I don't know, but it seems like this sort of thing is perfectly normal for military contracts, so why not for NASA?
Maybe "operating" only means NASA makes the decisions, but mission control is outsourced to SpaceX? Alternatively it could be part of the contract that SpaceX provides everything needed to operate the mission, as well as training for NASA personnel on how to use their stuff, as well as providing people on standby for "troubleshooting and tech support".
Both my computer and my car are chock full of proprietary internal tooling and interfaces. My evaporative cooler and its thermostat are a proprietary bundle with undisclosed internal communication. I'd like to think I still own and operate all of those.
Why don't they deorbit it to the moon? That way it's debris field can be a monument/grave site.

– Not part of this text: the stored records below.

Lemma hi_seg_decomp_inj k l : (k < s)%N -> (l < s)%N -> hi k = hi l -> k = l.
Proof.
move=> ks ls; case: (ltngtP k l) => [kl|lk|//];
  [have := hi_seg_decomp_lt kl ls | have := hi_seg_decomp_lt lk ks]; lia.
Qed.

Lemma mem_seg_decomp i (x : int) : (i < s)%N -> lo i <= x <= hi i -> x \in X.
Proof. by move=> ilt xi; apply/decX.2.2; exists i. Qed.

Lemma seg_decomp_right_end (z : int) :
  z \in X -> z + 1 \notin X -> exists2 l, (l < s)%N & z = hi l.
Proof.
move=> /decX.2.2 [l ls /andP[lo_z z_hi]] z1X; exists l => //.
apply/eqP; rewrite eq_le z_hi /=; apply: contraR z1X; rewrite -ltNge => z_lt.
by apply: (mem_seg_decomp ls); lia.
Qed.

Lemma separated_hi_notin l : separated s lo hi -> (l < s)%N -> hi l + 1 \notin X.
Proof.
move=> sep ls; apply/negP => /decX.2.2 [k ks /andP[lo_k k_hi]].
have [kl|lk] := leqP k l; first by have := hi_seg_decomp_mono kl ls; lia.
by have := lo_seg_decomp_mono lk ks; have := sep l (leq_ltn_trans lk ks); lia.
Qed.

(* Segments [k] and [k.+1] of [X] merge into the single segment [[lo k, hi k.+1]] of [Y]. *)
Lemma seg_decomp_merge k (Y : {fset int}) : (k.+1 < s)%N ->
  (forall x, x \in Y <-> x \in X \/ hi k < x < lo k.+1) ->
  seg_decomp Y s.-1 (lo \o bump k.+1) (hi \o bump k).
Proof.
move=> ks memY; split; [|split] => [i ilt /=|i ilt /=|x].
- have bump_le : (bump k.+1 i <= bump k i)%N by rewrite /bump; lia.
  have bump_lt : (bump k i < s)%N by rewrite /bump; lia.
  exact: le_trans (lo_seg_decomp_mono bump_le bump_lt) (seg_decomp_le bump_lt).
- by apply: seg_decomp_lt; rewrite /bump; lia.
rewrite memY; split.
- case=> [/decX.2.2 [l ls /andP[lo_x x_hi]] | x_gap].
    exists (l - (k < l))%N; first by lia.
    rewrite /= (le_trans _ lo_x) ?(le_trans x_hi) //.
      by apply: hi_seg_decomp_mono; rewrite /bump; lia.
    by apply: lo_seg_decomp_mono; rewrite /bump; lia.
  exists k; first by lia.
  rewrite /= /bump leqnn ltnn add0n add1n.
  by have := seg_decomp_le (ltnW ks); have := seg_decomp_le ks; lia.
- case=> i ilt /andP[]; rewrite /=.
  have [-> {i ilt}|ik] := eqVneq i k.
    rewrite /bump leqnn ltnn add0n add1n => lo_x x_hi.
    have [x_hik|hik_x] := lerP x (hi k).
      by left; apply: (mem_seg_decomp (ltnW ks)); lia.
    have [lok_x|x_lok] := lerP (lo k.+1) x; first by left; apply: (mem_seg_decomp ks); lia.
    by right; lia.
  have bump_lt : (bump k i < s)%N by rewrite /bump; lia.
  have -> : bump k.+1 i = bump k i by rewrite /bump; lia.
  by move=> lo_x x_hi; left; apply: (mem_seg_decomp bump_lt); lia.
Qed.

End SegDecomp.

Lemma separated_min_nseg X s lo hi :
  seg_decomp X s lo hi -> separated s lo hi -> min_nseg X s.
Proof.
move=> decX sep; split; first by exists lo, hi.
(* Each [hi l] is a right end of [X], and right ends end a segment of any decomposition. *)
move=> t lo' hi' decX'.
have ends_sub : [fset hi l | l in iota 0 s] `<=` [fset hi' l | l in iota 0 t].
  apply/fsubsetP => z /imfsetP[l /=]; rewrite mem_iota => ls ->.
  have ls' : (l < s)%N by lia.
  have hiX : hi l \in X.
    by apply: (mem_seg_decomp decX ls'); rewrite (seg_decomp_le decX ls') lexx.
  have [l' l't ->] := seg_decomp_right_end decX' hiX (separated_hi_notin decX sep ls').
  by apply/imfsetP; exists l'; rewrite //= mem_iota.
have := fsubset_leq_card ends_sub; rewrite card_in_imfset /=; last first.
  move=> k l; rewrite !mem_iota !add0n => /andP[_ ks] /andP[_ ls].
  exact: (hi_seg_decomp_inj decX).
rewrite undup_id ?iota_uniq // size_iota => /leq_trans; apply.
by rewrite (leq_trans (leq_imfset_card _ _ _)) //= undup_id ?iota_uniq ?size_iota.
Qed.

Lemma separated_merge s (lo hi : nat -> int) k : separated s lo hi ->
  separated s.-1 (lo \o bump k.+1) (hi \o bump k).
Proof. by move=> sep i ilt /=; rewrite bumpS; apply: sep; rewrite /bump; lia. Qed.

Lemma min_nsegP X s lo hi :
  seg_decomp X s lo hi -> min_nseg X s <-> separated s lo hi.
Proof.
move=> decX; split; last exact: separated_min_nseg.
move=> [_ minX] k ks; rewrite ltNge; apply/negP => touching.
have memX x : x \in X <-> x \in X \/ hi k < x < lo k.+1.
  by split; [left | case=> //; lia].
by have := minX _ _ _ (seg_decomp_merge decX ks memX); lia.
Qed.

(* For [b + 1 < a] the length [`|b - a + 1|] is junk, hence the hypothesis [a <= b + 1] below. *)
Definition fsegment (a b : int) : {fset int} := [fset a + n%:Z | n in iota 0 `|b - a + 1|].

Lemma mem_fsegment (a b x : int) : a <= b + 1 -> (x \in fsegment a b) = (a <= x <= b).
Proof.
move=> ab; apply/imfsetP/idP => [[n /=] | x_ab].
  by rewrite mem_iota => /andP[_ n_lt] ->; lia.
by exists `|x - a|%N; rewrite /= ?mem_iota; lia.
Qed.

Lemma card_fsegment (a b : int) : a <= b + 1 -> #|`fsegment a b|%:Z = b - a + 1.
Proof.
move=> ab; rewrite card_imfset /= ?undup_id ?iota_uniq ?size_iota //.
  by lia.
by move=> m n /addrI /eqP; rewrite eqz_nat => /eqP.
Qed.

Definition fill_gap (A : {fset int}) (a b : int) : {fset int} :=
  A `|` fsegment (a + 1) (b - 1).

Lemma fill_gap_fsubset (A : {fset int}) (a b : int) : A `<=` fill_gap A a b.
Proof. exact: fsubsetUl. Qed.

Lemma mem_fill_gap (A : {fset int}) (a b x : int) : a < b ->
  (x \in fill_gap A a b) = (x \in A) || (a < x < b).
Proof. by move=> ab; rewrite in_fsetU mem_fsegment; [congr (_ || _); lia | lia]. Qed.

Lemma card_fill_gap (A : {fset int}) (a b : int) : a < b ->
  #|`fill_gap A a b|%:Z <= #|`A|%:Z + (b - a - 1).
Proof.
move=> ab; have ab' : a + 1 <= b - 1 + 1 by lia.
have := card_fsegment ab'; have := cardfsUI A (fsegment (a + 1) (b - 1)).
rewrite /fill_gap; lia.
Qed.

Lemma card_seg_decomp_ge X s lo hi i : seg_decomp X s lo hi -> (i < s)%N ->
  hi i - lo i + s%:Z <= #|`X|%:Z.
Proof.
move=> decX ilt; have lo_hi := seg_decomp_le decX ilt.
set P := fsegment (lo i) (hi i); set L := [fset lo k | k in rem i (iota 0 s)].
have memP x : (x \in P) = (lo i <= x <= hi i) by apply: mem_fsegment; lia.
have cardP : #|`P|%:Z = hi i - lo i + 1 by apply: card_fsegment; lia.
have memL k : (k \in rem i (iota 0 s)) = (k != i) && (k < s)%N.
  by rewrite mem_rem_uniq ?iota_uniq // inE mem_iota.
have cardL : #|`L| = s.-1.
  rewrite card_in_imfset /= ?undup_id ?rem_uniq ?iota_uniq ?size_rem ?size_iota //.
    by rewrite mem_iota.
  move=> k l; rewrite !memL => /andP[_ ks] /andP[_ ls].
  exact: (lo_seg_decomp_inj decX).
have lo_notin k : k != i -> (k < s)%N -> (lo k \in P) = false.
  rewrite memP neq_ltn => /orP[ki|ik] ks.
    by have := lo_seg_decomp_lt decX ki ilt; lia.
  by have := seg_decomp_lt decX ik ks; lia.
have PL0 : P `&` L = fset0.
  apply/fsetP => x; rewrite !inE; apply/negP => /andP[+ /imfsetP[k /=]].
  by rewrite memL => + /andP[ki ks] xk; rewrite xk lo_notin.
have PL_X : P `|` L `<=` X.
  apply/fsubsetP => x; rewrite in_fsetU memP => /orP[x_i | /imfsetP[k /=]].
    by apply: (mem_seg_decomp decX ilt).
  rewrite memL => /andP[_ ks] ->; apply: (mem_seg_decomp decX ks).
  by rewrite lexx (seg_decomp_le decX ks).
have := fsubset_leq_card PL_X; have := cardfsUI P L; rewrite PL0 cardfs0; lia.
Qed.

Lemma dotzD d (a u v : 'rV[int]_d) : dotz a (u + v) = dotz a u + dotz a v.
Proof. by rewrite /dotz -big_split; apply: eq_bigr => k _; rewrite mxE mulrDr. Qed.

Lemma realizable_in_dim1 (B : {fset int}) (a b : int) :
  a \in B -> b \in B -> a != b -> realizable_in_dim B 1.
Proof.
move=> aB bB ab; exists (fun z => \row_(_ < 1) z); split; first split.
- by move=> x y _ _ /matrixP /(_ 0 0); rewrite !mxE.
- move=> x y z t _ _ _ _; split => [xyzt | /matrixP /(_ 0 0)]; last by rewrite !mxE.
  by apply/matrixP => p q; rewrite !mxE xyzt.
move=> [c [e [c0 hyp]]]; have := hyp a aB; rewrite -(hyp b bB) /dotz !big_ord1 !mxE.
have c00 : c 0 0 != 0.
  by apply: contra c0 => /eqP c00; apply/eqP/matrixP => p q; rewrite !ord1 mxE c00.
by move/(mulfI c00)/eqP; rewrite (negbTE ab).
Qed.

Lemma realizable_in_dim_restrict (A B : {fset int}) d : A `<=` B ->
  (forall z, z \in B -> exists a b c,
     [/\ a \in A, b \in A, c \in A & z + c = a + b]) ->
  realizable_in_dim B d -> realizable_in_dim A d.
Proof.
move=> /fsubsetP AB spanB [phi [[inj F2] notin_hyp]].
exists phi; split; first split.
- by move=> x y xA yA; apply: inj; apply: AB.
- by move=> x y z t xA yA zA tA; apply: F2; apply: AB.
move=> [n [e [n0 hyp]]]; apply: notin_hyp; exists n, e; split => // z zB.
have [a [b [c [aA bA cA zcab]]]] := spanB z zB.
have := (F2 _ _ _ _ zB (AB _ cA) (AB _ aA) (AB _ bA)).1 zcab.
by move/(congr1 (dotz n)); rewrite !dotzD (hyp a aA) (hyp b bA) (hyp c cA); lia.
Qed.

Section FillGap.
Variables (A : {fset int}) (s : nat) (lo hi : nat -> int) (j : nat).
Hypotheses (decA : seg_decomp A s lo hi) (jlt : (j.+1 < s)%N).
Local Notation B := (fill_gap A (hi j) (lo j.+1)).

Let gap_lt : hi j < lo j.+1 := seg_decomp_lt decA (ltnSn j) jlt.

Lemma min_nseg_fill_gap : separated s lo hi -> min_nseg B s.-1.
Proof.
have memB x : x \in B <-> x \in A \/ hi j < x < lo j.+1.
  by rewrite mem_fill_gap //; split => /orP.
by move=> sep; apply/(min_nsegP (seg_decomp_merge decA jlt memB))/separated_merge.
Qed.

Lemma dim_is_one_fill_gap i : (i < s)%N -> lo j.+1 - hi j <= hi i - lo i ->
  dim_is_one A -> dim_is_one B.
Proof.
move=> ilt wide [_ dimA]; have /fsubsetP AB := fill_gap_fsubset A (hi j) (lo j.+1).
have hjA : hi j \in A.
  by apply: (mem_seg_decomp decA (ltnW jlt)); rewrite lexx (seg_decomp_le decA (ltnW jlt)).
have lojA : lo j.+1 \in A.
  by apply: (mem_seg_decomp decA jlt); rewrite lexx (seg_decomp_le decA jlt).
split; first by apply: (realizable_in_dim1 (AB _ hjA) (AB _ lojA)); rewrite lt_eqF.
move=> d d_gt1 realB; apply: (dimA d d_gt1); apply: realizable_in_dim_restrict realB.
  exact: fill_gap_fsubset.
move=> z; rewrite mem_fill_gap // => /orP[zA | z_gap]; first by exists z, z, z.
exists (lo i + (z - hi j)), (hi j), (lo i); split => //; last by lia.
- by apply: (mem_seg_decomp decA ilt); lia.
- by apply: (mem_seg_decomp decA ilt); have := seg_decomp_le decA ilt; lia.
Qed.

Hell this is spaceX, why don't they just land the thing on the moon in tact?

For one, the distance to the moon is about 1000 times the distance to earth.
Yes but earths gravity affects it at r^2 so it's like log(1000) scale energy not 1000x
They would need several space stations to iterate until they would be able to nail it.
Is there any benefit landing it on the moon, create a yard of space junk and extra parts for future bases...never know....
It is sad that ISS exists at all. After the Mir the world should have gone rotating station route - the next logical step. Instead we have wasted so many resources on something that has already been done before
Feels like folks are not making enough money maintaining the existing space station, so they need to get rid of it to make way for the next $100B space station project.
Except that if you actually bother to look at the current plan, NASA wants to invest much less in the next generation station. Private companies will run and operate them. NASA will only rent spaces for astronauts.

The next generation stations are also smaller but will be launched in much larger chunks, making the price per volume much cheaper. And much more modern operation.

NASA absolutely will not invest anywhere close to $100B in those projects.

NASA budget will mostly shift to moon stuff.

The fall of the ISS will be a symbol of some kind that’s for sure
Can’t they … ‘demodulate’ it? And bring it down (or up) in pieces? Maybe reconfigure a “mini iss” out of it. Like a giant Lego set. Ultimate off grid micro space station. Or boost key sections really really high…for reasons.
The Gigachad move would be to land it, but of course that’s not even theoretically possible or worthwhile
Starship might be able to land on Earth with ~50 tonnes of cargo, maybe less. A rocket with 10x the capacity of Starship would be truly impressive.
For those unfamiliar with orbital mechanics & aerospace engineering, who wonder about raising the ISS into a much-higher (long-term stable) orbit, or fixing it up and continuing to use it:

Trying to raise the orbit: The ISS orbits very close to the "bottom" of the zone of vaguely-stableish LEO orbits. Really-stable, "vacant" orbits, suitable for long-term inert storage - those are far, far higher. Think of having a reproduction Viking longboat on the beach. Pushing it "down", into the sea, is work - but not too much. Vs. if you wanted to push that longboat uphill, to an elevation of a few thousand feet? Vastly more work.

Trying to keep using it, long after the lifetime that the Materials Engineering & Mechanical Engineering experts designed it for, might turn out like this:

https://admiralcloudberg.medium.com/falling-to-pieces-the-ne...

- except with all the astronauts dead.

As complex structures under load (like pressurized ISS modules) age, the properties of the materials they're made of change - often for the worse. And microscopic cracks form & grow, joints (intentional or not) work and wear, inelastic deformation accumulates and shifts stress to areas not designed to withstand it, and so on.